Task requirements
Every line of the entries below that carries the string "Hsig" should be copied.

--- Information shown ---

Theorem lemma15 (n : nat) (h : 'I_n -> seq 'I_n) (w0 : 'I_n)
  (Hne : nonerasing h) (Hpro : prolongable h w0)
  (Hap : aperiodic (wfix h w0)) (Halph : alph_stable h)
  (D : {set 'I_n}) (HD0 : D != set0) (HDT : D != setT)
  (i j : nat -> nat) (Hseq : Delta_sequence h w0 D i j)
  (sigma rho : stretch n)
  (Hsig : forall k : nat, left_stretch h w0 i k = sigma)
  (Hrho : forall k : nat, right_stretch h w0 j k = rho) :
  let A := incidence h in
  exists (U V X Y : 'cV[int]_n) (c : rat),
    [/\ (forall x, 0 <= U x 0), U != 0, (forall x, 0 <= V x 0), V != 0 &
      forall k : nat,
        [/\ (i k)%:Z = (ones_row n *m (A ^+ k *m V + (\sum_(m < k) A ^+ m) *m X)) 0 0,
            (j k)%:Z = (i k)%:Z + (ones_row n *m (A ^+ k *m U + (\sum_(m < k) A ^+ m) *m Y)) 0 0 - 1
          & (j k)%:Q / (i k)%:Q < c]].
Proof.
move=> A; have [x [Hx Hx0]] := Hpro.
pose P p := prefix_parikh h w0 p.
pose U := parikh (factor h w0 (i 0) (j 0).+1).
have [[ij0 _ _ _] Mi0 _ _ _] := Hseq 0%N.
have closedP := prefix_parikh_left_closed Hx Hx0 Hne Hsig.
have closedT := prefix_parikh_right_closed Hx Hx0 Hne Hrho.
have split0 : P (j 0%N).+1 = P (i 0%N) + U.
  by rewrite /P /U /prefix_parikh -parikh_cat -factor_split // leqW.
exists U, (P (i 0%N)), (left_corr sigma), (right_corr rho - left_corr sigma).
exists (Mh h ^ 2)%:R; split.
- by move=> y; rewrite mxE le0z_nat.
- by apply: parikh_neq0; rewrite -size_eq0 size_factor subn_eq0 -ltnNge ltnS.
- by move=> y; rewrite mxE le0z_nat.
- by apply: parikh_neq0; rewrite -size_eq0 size_factor subn_eq0 -ltnNge (leq_ltn_trans _ Mi0).
move=> k; split.
- by rewrite -closedP ones_prefix_parikh.
- have -> : A ^+ k *m U + (\sum_(m < k) A ^+ m) *m (right_corr rho - left_corr sigma)
             = P (j k).+1 - P (i k).
    rewrite /P closedT closedP -/(P _) split0 mulmxBr mulmxDr opprD addrACA.
    by rewrite [_ *m P _ + _]addrC addrK.
  by rewrite ones_prefix_parikhB addrCA subrr addr0 -addn1 PoszD addrK.
- change ((j k)%:R / (i k)%:R < (Mh h ^ 2)%:R :> rat).
  have [_ Mik _ _ _] := Hseq k.
  have ik_pos : (0 < i k)%N by apply: leq_ltn_trans Mik.
  rewrite ltr_pdivrMr ?ltr0n //.
  by rewrite -natrM ltr_nat (delta_sequence_ratio Hne Hpro Halph Hseq).
Qed.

---

Reply to the exercise
  (Hsig : forall k : nat, left_stretch h w0 i k = sigma)
have closedP := prefix_parikh_left_closed Hx Hx0 Hne Hsig.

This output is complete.